Lemma committee_extension W :
  within_quotas W -> (forall j, kq j <= #|Cj part j|) ->
  exists2 W' : {set C}, W \subset W' & is_committee part kq W'.
Proof.
move=> qW quota_le.
have S_ex j : exists S : {set C},
    [/\ W :&: Cj part j \subset S, S \subset Cj part j & #|S| = kq j].
  by apply: exists_between_card; rewrite ?subsetIr ?qW ?quota_le.
have [S S_spec] := fin_all_exists S_ex.
have S_Cj j : S j \subset Cj part j by have [] := S_spec j.
exists (\bigcup_j S j).
  apply/subsetP => c Wc; apply/bigcupP; exists (part c) => //.
  by have [sub _ _] := S_spec (part c); apply: (subsetP sub); rewrite !inE Wc eqxx.
by move=> j; rewrite bigcup_Cj //; have [] := S_spec j.
Qed.

Lemma procedure_output_exists :
  (forall j, kq j <= #|Cj part j|) -> exists W, procedure_output part kq A W.
Proof.
move=> quota_le.
have [Ws [Ws0 run2_Ws]] := chain_exists set0 run2_exists.
have [W3 [run3_W3 stop3_W3]] := star_to_stop stop3_or_step3 (Ws l).
have qW3 : within_quotas W3.
  apply: star_invariant (@step3_within_quotas) run3_W3 _.
  exact: phase2_within_quotas run2_Ws Ws0 _ (leqnn l).
have [W sW3W committee] := committee_extension qW3 quota_le.
by exists W, Ws, W3.
Qed.

Hypothesis n_gt0 : 0 < n.

Lemma stop2_IW_JR_group j (W W' : {set C}) :
  group_potential j W <= n * kq j -> stop2 part kq A j W -> W \subset W' ->
  forall X : {set 'I_n}, n <= #|X| * kq j ->
    1 <= #|(\bigcap_(i in X) A i) :&: Cj part j| ->
    1 <= #|W' :&: Cj part j :&: \bigcup_(i in X) A i|.
Proof.
move=> pot stop sWW' X big_X /card_gt0P[c]; rewrite inE => /andP[cX cj].
rewrite lt0n; apply/negP => /eqP unrep.
have XU : X \subset uncov_j part A j W.
  by apply: subset_trans (uncov_unrepresented unrep) (uncovS _); apply: setSI.
have X_gt0 : 0 < #|X| by move: big_X; case: #|X| => [|//]; rewrite mul0n; lia.
have := leq_mul (subset_leq_card XU) (leqnn (kq j)).
move: pot; rewrite /group_potential.
case: stop => [full | small].
  by have := leq_mul (leqnn n) full; lia.
have cW : c \notin W by move: (common_notin XU cX X_gt0); rewrite inE cj andbT.
by have := small c cj cW; have := leq_mul (common_supp XU cX) (leqnn (kq j)); lia.
Qed.

Lemma stop3_weak_SW_JR (W W' : {set C}) :
  potential W <= n * ktot kq -> stop3 part kq A W -> W \subset W' ->
  weak_SW_JR part kq A W'.
Proof.
move=> pot stop sWW' X big_X common; rewrite lt0n; apply/negP => /eqP unrep.
have XU : X \subset uncov A W := subset_trans (uncov_unrepresented unrep) (uncovS sWW').
have X_gt0 : 0 < #|X| by move: big_X; case: #|X| => [|//]; rewrite mul0n; lia.
have [/forallP full | /forallPn[j]] := boolP [forall j, kq j <= #|W :&: Cj part j|].
  have k_le_W : ktot kq <= #|W| by rewrite (card_sum_Cj W); apply: leq_sum => j _.
  have := leq_mul (subset_leq_card XU) (leqnn (ktot kq)).
  by have := leq_mul (leqnn n) k_le_W; move: pot; rewrite /potential; lia.
rewrite -ltnNge => not_full; have /card_gt0P[c] := common j.
rewrite inE => /andP[cX cj].
have el_c : eligible part kq W c.
  by rewrite /eligible (common_notin XU cX X_gt0); move: cj; rewrite in_Cj => /eqP->.
by have := stop c el_c; have := leq_mul (common_supp XU cX) (leqnn (ktot kq)); lia.
Qed.

Lemma procedure_output_correct W :
  procedure_output part kq A W ->
  [/\ is_committee part kq W, weak_SW_JR part kq A W & IW_JR part kq A W].
Proof.
case=> Ws [W3 [Ws0 run2_Ws [run3_W3 stop3_W3] sW3W committee]].
have sWlW3 : Ws l \subset W3 := star_subset (@step3_subset) run3_W3.
split => //.
  apply: stop3_weak_SW_JR stop3_W3 sW3W.
  apply: (star_invariant (P := fun V => potential V <= n * ktot kq) _ run3_W3).
    by move=> V V' /step3_potential le_V'V /(leq_trans le_V'V).
  apply: leq_trans (potential_le_sum _) _; rewrite /ktot big_distrr.
  by apply: leq_sum => j _; apply: phase2_group_potential.
move=> X j; have [_ stop_j] := run2_Ws j.
have sWjW : Ws j.+1 \subset W.
  exact: subset_trans (phase2_subset run2_Ws (ltn_ord j)) (subset_trans sWlW3 sW3W).
exact: stop2_IW_JR_group (phase2_group_potential run2_Ws Ws0 j (ltn_ord j)) stop_j sWjW X.
Qed.

End Procedure.

Theorem mainTheorem6 (C : finType) (l n : nat) (part : C -> 'I_l)
    (kq : 'I_l -> nat) (A : 'I_n -> {set C}) :
  0 < n ->
  (forall j : 'I_l, 0 < kq j) ->
  (forall j : 'I_l, kq j <= #|Cj part j|) ->
  (exists W : {set C}, [/\ is_committee part kq W,
       weak_SW_JR part kq A W & IW_JR part kq A W]) /\
  (exists W : {set C}, procedure_output part kq A W) /\
  (forall W : {set C}, procedure_output part kq A W ->
       [/\ is_committee part kq W, weak_SW_JR part kq A W & IW_JR part kq A W]).
Proof.
move=> n_gt0 _ quota_le.
have [W outW] := procedure_output_exists A quota_le.
have correct := procedure_output_correct n_gt0.
by split; [exists W; apply: correct | split; [exists W | exact: correct]].
Qed.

EXERCISE:
The lines to retype, exactly and only, run from the first line of the material through the line with "have [S S_spec] := fin_all_exists S_ex.".

OUTPUT FOR THIS EXERCISE:
Lemma committee_extension W :
  within_quotas W -> (forall j, kq j <= #|Cj part j|) ->
  exists2 W' : {set C}, W \subset W' & is_committee part kq W'.
Proof.
move=> qW quota_le.
have S_ex j : exists S : {set C},
    [/\ W :&: Cj part j \subset S, S \subset Cj part j & #|S| = kq j].
  by apply: exists_between_card; rewrite ?subsetIr ?qW ?quota_le.
have [S S_spec] := fin_all_exists S_ex.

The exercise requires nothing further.